Records from a dataset:
# # # #

Definition is_subspace S := S 0 /\ forall (a : R) x y, S x -> S y -> S (a *: x + y).

Variable S : set V.
Hypothesis subS : is_subspace S.

Lemma subspace0 : S 0. Proof. exact: subS.1. Qed.

Lemma subspaceZ (a : R) x : S x -> S (a *: x).
Proof. by move=> Sx; rewrite -[_ *: _]addr0; apply: subS.2 Sx subspace0. Qed.

Lemma subspaceD x y : S x -> S y -> S (x + y).
Proof. by rewrite -{2}[x]scale1r; apply: subS.2. Qed.

Lemma subspaceN x : S x -> S (- x).
Proof. by rewrite -scaleN1r; apply: subspaceZ. Qed.

Lemma subspaceB x y : S x -> S y -> S (x - y).
Proof. by move=> Sx /subspaceN; apply: subspaceD. Qed.

Lemma subspace_sum (F : 'I_n -> V) : (forall k, S (F k)) -> S (\sum_(k < n) F k).
Proof. by move=> SF; apply: big_ind => //; [exact: subspace0 | exact: subspaceD]. Qed.

End Subspaces.

Lemma subspaceI (R : realType) n (S1 S2 : set 'rV[R]_n) :
  is_subspace S1 -> is_subspace S2 -> is_subspace (S1 `&` S2).
Proof.
move=> [S1_0 S1_lin] [S2_0 S2_lin]; split => // a x y [? ?] [? ?].
by split; [exact: S1_lin | exact: S2_lin].
Qed.

Lemma normal_sp_subspace (R : realType) n (M : set 'rV[R]_n) x :
  is_subspace (normal_sp M x).
Proof.
split=> [v _|a w w' Nw Nw' v Tv]; first exact: dot0l.
by rewrite dotDl dotZl Nw // Nw' // mulr0 addr0.
Qed.

Lemma Deltapp_subspace (R : realType) n (sigma : 'S_n) :
  is_subspace (Deltapp (R := R) sigma).
Proof.
by split=> [i j _|a x y Px Py i j ij]; rewrite !mxE // (Px _ _ ij) (Py _ _ ij).
Qed.

Section OrthogonalProjection.
Variables (R : realType) (n : nat).
Local Notation V := 'rV[R]_n.
Implicit Types (x y q t u w : V).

# # # #

◆ **REQUIRED WORK**
Quote exactly the first line of the entries and every line after it, stopping with the line that contains "Lemma subspace_sum (F".

◆ **PROBLEM SOLUTION**
Definition is_subspace S := S 0 /\ forall (a : R) x y, S x -> S y -> S (a *: x + y).

Variable S : set V.
Hypothesis subS : is_subspace S.

Lemma subspace0 : S 0. Proof. exact: subS.1. Qed.

Lemma subspaceZ (a : R) x : S x -> S (a *: x).
Proof. by move=> Sx; rewrite -[_ *: _]addr0; apply: subS.2 Sx subspace0. Qed.

Lemma subspaceD x y : S x -> S y -> S (x + y).
Proof. by rewrite -{2}[x]scale1r; apply: subS.2. Qed.

Lemma subspaceN x : S x -> S (- x).
Proof. by rewrite -scaleN1r; apply: subspaceZ. Qed.

Lemma subspaceB x y : S x -> S y -> S (x - y).
Proof. by move=> Sx /subspaceN; apply: subspaceD. Qed.

Lemma subspace_sum (F : 'I_n -> V) : (forall k, S (F k)) -> S (\sum_(k < n) F k).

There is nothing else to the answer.